Electrical – 7 Segment Common Cathode LED Digit Display Circuit for Arduino

7segmentdisplayarduinocircuit-design

For the first time I am going to make a digital clock with 7 segment displays with Arduino Multiplexing. I am about to use the following circuit to run 4 large Common Cathode 7 Segment LED Digit Displays. The circuit diagram shows only 2 digits with 4 of their anode pins connected. Hope you understand the full schematic from this diagram.

schematic

simulate this circuit – Schematic created using CircuitLab

My Questions are:

  1. Is this schematic correct?
  2. These are large 4 inches displays, run on 9V, Common Cathode type and consumes approx 200mA current total for all eight segments of each display.
    Programmatically, I am going to multiplex digit by digit, not
    segment by segment.
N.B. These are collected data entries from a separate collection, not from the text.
(* Let $S$ be an atomic and simple relation algebra with finitely many atoms, and let $\# : S\to\mathbb{N}\cup\{\infty\}$ satisfy: $\#\bot=0$; $\#x=1$ for every atom $x$; $\#x+\#y=\#(x\sqcup y)+\#(x\sqcap y)$ for all $x,y\in S$; and $\#\top=(\#1)^2$. Then $S$ is atom-rectangular, and hence representable.
   Context: A Stone relation algebra is a structure $(S,\sqcup,\sqcap,\cdot,\overline{\,\cdot\,},{}^{\smile},\bot,\top,1)$ (write $xy$ for $x\cdot y$, $\overline{x}$ for the pseudocomplement, $x^{\smile}$ for the converse) such that: $(S,\sqcup,\sqcap,\bot,\top)$ is a bounded distributive lattice with order $x\sqsubseteq y\iff x\sqcup y=y$; $x\sqcap y=\bot\iff x\sqsubseteq\overline{y}$; $\overline{x}\sqcup\overline{\overline{x}}=\top$; $\cdot$ is associative with two-sided unit $1$, distributes over $\sqcup$ on both sides, and $\bot$ is a zero of $\cdot$; $x^{\smile\smile}=x$, $(xy)^{\smile}=y^{\smile}x^{\smile}$, $(x\sqcup y)^{\smile}=x^{\smile}\sqcup y^{\smile}$; $\overline{\overline{1}}=1$; $\overline{\overline{xy}}=\overline{\overline{x}}\,\overline{\overline{y}}$; $xy\sqcap z\sqsubseteq x(y\sqcap x^{\smile}z)$. A relation algebra is a Stone relation algebra with $\overline{\overline{x}}=x$ for all $x$; it is representable if it is isomorphic to an algebra of binary relations (on some base set) with the usual relational operations. An atom is an element $x\neq\bot$ such that $\bot\neq y\sqsubseteq x$ implies $y=x$. An element $x$ is a rectangle if $x\top x\sqsubseteq x$ and simple if $\top x\top=\top$. $S$ is simple if every element other than $\bot$ is simple; atomic if every $x\neq\bot$ has an atom below it; atom-rectangular if every atom is a rectangle. Arithmetic in $\mathbb{N}\cup\{\infty\}$ has $n+\infty=\infty+n=\infty$ and $\infty^2=\infty$. *)

From Stdlib Require Import List.
Import ListNotations.

Record StoneRA : Type := {
  car :> Type;
  sup : car -> car -> car;
  inf : car -> car -> car;
  comp : car -> car -> car;
  pc : car -> car;
  cnv : car -> car;
  bot : car; top : car; one : car;
  sup_assoc : forall x y z, sup x (sup y z) = sup (sup x y) z;
  sup_comm : forall x y, sup x y = sup y x;
  inf_assoc : forall x y z, inf x (inf y z) = inf (inf x y) z;
  inf_comm : forall x y, inf x y = inf y x;
  sup_absorb : forall x y, sup x (inf x y) = x;
  inf_absorb : forall x y, inf x (sup x y) = x;
  inf_sup_distr : forall x y z, inf x (sup y z) = sup (inf x y) (inf x z);
  sup_bot : forall x, sup x bot = x;
  inf_top : forall x, inf x top = x;
  pc_spec : forall x y, inf x y = bot <-> sup x (pc y) = pc y;
  stone : forall x, sup (pc x) (pc (pc x)) = top;
  comp_assoc : forall x y z, comp x (comp y z) = comp (comp x y) z;
  comp_one_l : forall x, comp one x = x;
  comp_one_r : forall x, comp x one = x;
  comp_sup_l : forall x y z, comp (sup x y) z = sup (comp x z) (comp y z);
  comp_sup_r : forall x y z, comp x (sup y z) = sup (comp x y) (comp x z);
  comp_bot_l : forall x, comp bot x = bot;
  comp_bot_r : forall x, comp x bot = bot;
  cnv_invol : forall x, cnv (cnv x) = x;
  cnv_comp : forall x y, cnv (comp x y) = comp (cnv y) (cnv x);
  cnv_sup : forall x y, cnv (sup x y) = sup (cnv x) (cnv y);
  pc_pc_one : pc (pc one) = one;
  pc_pc_comp : forall x y, pc (pc (comp x y)) = comp (pc (pc x)) (pc (pc y));
  dedekind : forall x y z,
    sup (inf (comp x y) z) (comp x (inf y (comp (cnv x) z)))
    = comp x (inf y (comp (cnv x) z))
}.

Section Defs.
Variable S : StoneRA.

Definition le (x y : S) : Prop := sup S x y = y.

Definition is_relation_algebra : Prop := forall x : S, pc S (pc S x) = x.

Definition atom (x : S) : Prop :=
  x <> bot S /\ forall y : S, y <> bot S -> le y x -> y = x.

Definition rectangle (x : S) : Prop := le (comp S (comp S x (top S)) x) x.

Definition simple_elt (x : S) : Prop := comp S (comp S (top S) x) (top S) = top S.

Definition simple_alg : Prop := forall x : S, x <> bot S -> simple_elt x.

Definition atomic : Prop := forall x : S, x <> bot S -> exists a, atom a /\ le a x.
(* Faces of the cone complex L: the apex (= S'), the ray lifts and the    *)
(* lifts of maximal cones.                                                  *)
(*   None               : the apex                                        *)
(*   Some (false,(i,a)) : the lift of v_{i+1} which is the common ray of  *)
(*                        sigma_i^(a) and sigma_{i+1}^(p i a)             *)
(*   Some (true,(i,a))  : sigma_i^(a)                                     *)
Definition Lface n r := option (bool * ('I_n * 'I_r)).

Definition face_of n r (p : 'I_n -> {perm 'I_r}) (f : Lface n r) (i : 'I_n) (a : 'I_r) : bool :=
  match f with
  | None => true
  | Some (false, (j, b)) => ((j == i) && (b == a)) || ((ordS j == i) && (p j b == a))
  | Some (true, (j, b)) => (j == i) && (b == a)
  end.

Definition face_le n r (p : 'I_n -> {perm 'I_r}) (f f' : Lface n r) : bool :=
  match f' with
  | None => f == None
  | Some (false, _) => (f == None) || (f == f')
  | Some (true, (i, a)) => face_of p f i a
  end.

Definition is_meet n r (p : 'I_n -> {perm 'I_r}) (f : Lface n r) (i : 'I_n) (a b : 'I_r) : bool :=
  [&& face_of p f i a, face_of p f i b &
      [forall f' : Lface n r, (face_of p f' i a && face_of p f' i b) ==> face_le p f' f]].

(*   Sface: None = {0}, Some (false, j) = ray v_j, Some (true, i) = sigma_i *)
(*   a move (i, true)  is the ordered pair (sigma_i, sigma_{i+1})          *)
(*   a move (i, false) is the ordered pair (sigma_{i+1}, sigma_i)          *)
(*   in both cases tau = sigma_i \cap sigma_{i+1} = ray v_{i+1}.           *)
Definition Sface n := option (bool * 'I_n).

Definition cone_contains n (i : 'I_n) (w : Sface n) : bool :=
  match w with
  | None => true
  | Some (false, j) => (j == i) || (j == ordS i)
  | Some (true, j) => j == i
  end.

Definition move n := ('I_n * bool)%type.
Definition msrc n (mv : move n) : 'I_n := if mv.2 then mv.1 else ordS mv.1.
Definition mtgt n (mv : move n) : 'I_n := if mv.2 then ordS mv.1 else mv.1.
Definition mtau n (mv : move n) : 'I_n := ordS mv.1.
Definition chains n (mv mv' : move n) : bool := mtgt mv == msrc mv'.

Section Sheaves.
Variable R : realType.
Local Notation C := R[i].

Definition zmon (t : C * C) (u : Z2) : C := t.1 ^ u.1 * t.2 ^ u.2.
Do you think BC337 is the right choice for this, considering in parallel that I will turn the digits on and off as frequent as once every 1 mS?
  3. Base resistors 1K Ohm. Is the value ok to supply enough current to transistor base and lit up the LEDs with Arduino's
    digitalWrite(Dn, HIGH) method?

Best Answer

Further to my comment - you need a high side switch.

For example:

enter image description here

Q2 is a jellybean NPN type (such as a bc548). If the base voltage of Q2 is below 0.6 V it is OFF, more than 0.6V it is ON. The output from an arduino (3V3 or 5V) can easily operate it. Note that the high resistance values means the arduino doesn't have to supply lots of current to enable the switch.

Q1 (bc327) is the PNP version of the bc337. When Q2 is OFF (input LOW), Q1 is off and no current can flow to the segment.

When Q2 is ON (input HIGH), Q1 is ON and current flows. You may need to limit the segment current with a resistor.

You'll need this circuit (or something similar) for each segment you wish to drive.